◆ Task item
Only the lines below, from the one with "by apply: continuous_powR; exact: lt_le_trans" through the one with "move=> [i _]; rewrite /F /= !in_itv /= => /andP[ix", are to be written out, exactly.

[Collected data entries]
______

Lemma integral_powR_itvcc (r c : R) : -1 < r -> 0 < c -> c < 1 ->
  (\int[mu]_(x in `[c, 1%R]) (x `^ r)%:E = ((1 - c `^ (r + 1)) / (r + 1))%:E)%E.
Proof.
move=> r_gtN1 c_gt0 c_lt1.
have r1_gt0 : 0 < r + 1 by lra.
pose F x := (r + 1)^-1 * x `^ (r + 1).
have dF (x : R) : 0 < x -> is_derive x 1 F ((r + 1)^-1 * ((r + 1) * x `^ (r + 1 - 1))).
  by move=> x_gt0; apply: is_deriveZ; exact: is_derive1_powR.
have cF (x : R) : 0 < x -> {for x, continuous F}.
  by move=> x_gt0; apply: continuousM; [exact: cvg_cst | exact: continuous_powR].
rewrite (@continuous_FTC2 _ _ F) //.
- by rewrite /F powR1 -EFinB; congr (_%:E); field; lra.
- apply: continuous_in_subspaceT => x; rewrite inE /= in_itv /= => /andP[cx _].
  by apply: continuous_powR; exact: lt_le_trans cx.
- split.
  + move=> x; rewrite in_itv /= => /andP[cx _].
    by have [] := dF x (lt_trans c_gt0 cx).
  + by apply: cvg_at_right_filter; apply: cF.
  + by apply: cvg_at_left_filter; apply: cF.
- move=> x; rewrite in_itv /= => /andP[cx _].
  have x_gt0 : 0 < x := lt_trans c_gt0 cx.
  rewrite derive1E (@derive_val _ _ _ _ _ _ _ (dF x x_gt0)) addrK mulrA.
  by rewrite mulVf ?mul1r // gt_eqF.
Qed.

Lemma integral_powR_itvoc_le (r : R) : -1 < r ->
  (\int[mu]_(x in `]0%R, 1%R]) (x `^ r)%:E <= ((r + 1)^-1)%:E)%E.
Proof.
move=> r_gtN1.
pose F i := `[(i.+2%:R : R)^-1, 1%R]%classic.
have -> : `]0%R, 1%R]%classic = \bigcup_i F i.
  apply/seteqP; split => x /=.
    rewrite in_itv /= => /andP[x_gt0 x_le1].
    have [k Hk] := ltr_add_invr x_gt0; exists k.+1 => //.
    rewrite /F /= in_itv /= x_le1 andbT; rewrite add0r in Hk.
    apply: ltW; apply: le_lt_trans Hk.
    by rewrite lef_pV2 ?posrE ?ltr0n // ler_nat ltnS; exact: leqW (leqnSn k).
  move=> [i _]; rewrite /F /= !in_itv /= => /andP[ix ->]; rewrite andbT.
  by apply: lt_le_trans ix; rewrite invr_gt0 ltr0n.
apply: ge0_integral_bigcup_le.
- move=> i j ij; rewrite subsetEset => x; rewrite /F /= !in_itv /= => /andP[ix ->].
  by rewrite andbT; apply: le_trans ix; rewrite lef_pV2 ?posrE ?ltr0n // ler_nat.
- by move=> i; exact: measurable_itv.
- by move=> i; apply: measurable_funTS; exact: measurable_powR.
- by move=> i x _; exact: powR_ge0.
- move=> i; rewrite integral_powR_itvcc //; last by rewrite invf_lt1 ?ltr1n // ltr0n.
  by rewrite lee_fin -[leRHS]mul1r ler_wpM2r ?gerBl ?powR_ge0 // invr_ge0; lra.
Qed.

Lemma integral_onem_powR_itvco_le (r : R) : -1 < r ->
  (\int[mu]_(x in `[0%R, 1%R[) ((1 - x) `^ r)%:E <= ((r + 1)^-1)%:E)%E.
Proof.
move=> r_gtN1.
pose F i := `[0%R, 1 - (i.+2%:R : R)^-1]%classic.
have -> : `[0%R, 1%R[%classic = \bigcup_i F i.
  apply/seteqP; split => x /=.
    rewrite in_itv /= => /andP[x_ge0 x_lt1].
    have [k Hk] : exists k, 0 + k.+1%:R^-1 < 1 - x by apply: ltr_add_invr; lra.
    rewrite add0r in Hk; exists k.+1 => //.
    rewrite /F /= in_itv /= x_ge0 /= lerBrDr -lerBrDl.
    apply: ltW; apply: le_lt_trans Hk.
    by rewrite lef_pV2 ?posrE ?ltr0n // ler_nat ltnS; exact: leqW (leqnSn k).
  move=> [i _]; rewrite /F /= !in_itv /= => /andP[-> xi] /=.
  by apply: (le_lt_trans xi); rewrite gtrBl invr_gt0 ltr0n.
apply: ge0_integral_bigcup_le.
- move=> i j ij; rewrite subsetEset => x; rewrite /F /= !in_itv /= => /andP[-> ix] /=.
  apply: (le_trans ix); apply: lerB => //.
  by rewrite lef_pV2 ?posrE ?ltr0n // ler_nat.
- by move=> i; exact: measurable_itv.
- by move=> i; apply: measurable_funTS; exact: measurable_onem_powR.
- by move=> i x _; exact: powR_ge0.
- move=> i; rewrite /F.
  have c_gt0 : 0 < (i.+2%:R : R)^-1 by rewrite invr_gt0 ltr0n.
  have c_lt1 : (i.+2%:R : R)^-1 < 1 by rewrite invf_lt1 ?ltr1n // ltr0n.
  rewrite (integration_by_substitution_onem (G := fun x : R => (1 - x) `^ r));
    last 2 first.
  - by rewrite subr_ge0 gerBl !ltW.
  - apply: continuous_in_subspaceT => x; rewrite inE /= in_itv /= => /andP[_ xc].
    apply: (@continuous_comp _ _ _ (fun y : R => 1 - y) (fun y : R => y `^ r)).
      by apply: continuousB => //; exact: cvg_cst.
    by apply: continuous_powR; rewrite subr_gt0 (le_lt_trans xc) // gtrBl.
  under eq_integral do rewrite subKr.
  apply: (le_trans _ (integral_powR_itvoc_le _ r_gtN1)).
  apply: ge0_subset_integral => //=.
  - by apply/measurable_EFinP; apply: measurable_funTS; exact: measurable_powR.
  - by move=> x _; rewrite lee_fin powR_ge0.
  - move=> x; rewrite /= !in_itv /= => /andP[cx ->]; rewrite andbT.
    apply: lt_le_trans cx; change (0 < 1 - (1 - (i.+2%:R : R)^-1)).
    by rewrite subKr.
Qed.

______

◆ Solution for this exercise
  by apply: continuous_powR; exact: lt_le_trans cx.
- split.
  + move=> x; rewrite in_itv /= => /andP[cx _].
    by have [] := dF x (lt_trans c_gt0 cx).
  + by apply: cvg_at_right_filter; apply: cF.
  + by apply: cvg_at_left_filter; apply: cF.
- move=> x; rewrite in_itv /= => /andP[cx _].
  have x_gt0 : 0 < x := lt_trans c_gt0 cx.
  rewrite derive1E (@derive_val _ _ _ _ _ _ _ (dF x x_gt0)) addrK mulrA.
  by rewrite mulVf ?mul1r // gt_eqF.
Qed.

Lemma integral_powR_itvoc_le (r : R) : -1 < r ->
  (\int[mu]_(x in `]0%R, 1%R]) (x `^ r)%:E <= ((r + 1)^-1)%:E)%E.
Proof.
move=> r_gtN1.
pose F i := `[(i.+2%:R : R)^-1, 1%R]%classic.
have -> : `]0%R, 1%R]%classic = \bigcup_i F i.
  apply/seteqP; split => x /=.
    rewrite in_itv /= => /andP[x_gt0 x_le1].
    have [k Hk] := ltr_add_invr x_gt0; exists k.+1 => //.
    rewrite /F /= in_itv /= x_le1 andbT; rewrite add0r in Hk.
    apply: ltW; apply: le_lt_trans Hk.
    by rewrite lef_pV2 ?posrE ?ltr0n // ler_nat ltnS; exact: leqW (leqnSn k).
  move=> [i _]; rewrite /F /= !in_itv /= => /andP[ix ->]; rewrite andbT.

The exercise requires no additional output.